Native Village Youth and Education News
January 1, 2009 Issue 193 Volume 1

Police seek help to find eagle feather, stone pipe

Sacred aboriginal objects stolen from parked car on Carling Avenue

Louisa Taylor and Neco Cockburn

Ottawa, Canada:  It must have looked like a decent haul for a quick thief: two duffel bags sitting in an unlocked car in a west-side parking lot. Inside one of the bags was camera equipment.

But what was inside the other bag was far more important to its owner: a pipe and an eagle feather, ceremonial objects sacred in First Nations spirituality.

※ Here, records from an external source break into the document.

Lemma cvg_bdist {T : Type} (F : set_system T) {FF : Filter F} (h : T -> hpt R) q :
  h @ F --> q -> (fun x => bdist (h x)) @ F --> bdist q.
Proof.
move=> hq.
have dist0 : (fun x => N (hmul (hinv q) (h x))) @ F --> 0.
  rewrite -kor_norm1 -(hmulVg q).
  exact: cvg_comp _ _ (cvg_hmul (cvg_cst (hinv q)) hq) (@kor_norm_continuous R _).
apply: (@squeeze_cvgr _ _ _ _ (fun x => bdist q - N (hmul (hinv q) (h x)))
  (fun x => bdist q + N (hmul (hinv q) (h x)))).
- near=> x; apply/andP; split; last exact: bdist_lipschitz.
  by rewrite lerBlDr -kor_normV hinvM hinvK; exact: bdist_lipschitz.
- by rewrite -[X in _ --> X]subr0; apply: cvgB => //; exact: cvg_cst.
- by rewrite -[X in _ --> X]addr0; apply: cvgD => //; exact: cvg_cst.
Unshelve. all: by end_near.
Qed.

Lemma bdist1 : bdist hone = 1.
Proof.
apply/eqP; rewrite eq_le; apply/andP; split; last first.
  by apply: bdist_ge => a Na; rewrite hmulg1 kor_normV Na.
by apply: le_trans (bdist_le hone kor_norm_e1) _; rewrite hmulg1 kor_normV kor_norm_e1.
Qed.

Lemma bdist_sphere q : N q = 1 -> bdist q = 0.
Proof.
move=> Nq; apply/eqP; rewrite eq_le bdist_ge0 andbT.
by apply: le_trans (bdist_le q Nq) _; rewrite hmulVg kor_norm1.
Qed.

Ottawa police are investigating the theft of the bags earlier this week, and Thursday asked for the public's help in finding the sacred objects. The duffel bags were taken between Dec. 8 and Dec. 10, while a vehicle belonging to a Michigan man was parked in the 1300 block of Carling Avenue, police said.

In many native American cultures, the eagle is a messenger of prayer, says Patrick Augustine, a member of the board of the Odawa Native Friendship Centre.

"Because it flies the highest in the sky, people believe the eagle can carry a person's prayers to the creator," said Mr. Augustine, a graduate student and traditional dancer. The case holding the feather is symbolic as well.

"You could compare it to something like the tabernacle in a Catholic church," says Mr. Augustine. "It's a home to the spirit of the eagle feather."

Eagle feathers are usually bestowed to mark an important event or contribution, and the giving of the feather is considered an honour.

It's an even greater honour to receive a red stone pipe, said Mr. Augustine. "I was following the traditional ways for five or seven years before I acquired the knowledge base and understanding enough to be given a pipe."

The stone pipe is used to burn tobacco or sweetgrass during smudging ceremonies or sweat lodge ceremonies.

"When you're a pipe carrier, you look at it as you would a grandfather or grandmother, with a certain reverence. We believe our ancestors are returning in spirit and their spirits are embodied in these objects. We are asking our ancestors' spirits to mitigate on our behalf with the creator, to help carry our message to the creator for us.

"Losing these objects would feel like you'd failed in your duty to look after them," said Mr. Augustine.

Police do not believe the ceremonial items were targeted, but that doesn't take away the sense of loss Mr. Augustine imagines the owner is feeling.

"For someone to have their sacred pipe stolen, it must be very traumatic," says Mr. Augustine. "It would feel like a violation, not only against a person, but against the culture. If it happened to me, I'd feel a deep sadness."

Anyone with information is asked to call Ottawa police at 613-236-1222, ext. 2266, or Crime Stoppers at 613-233-8477.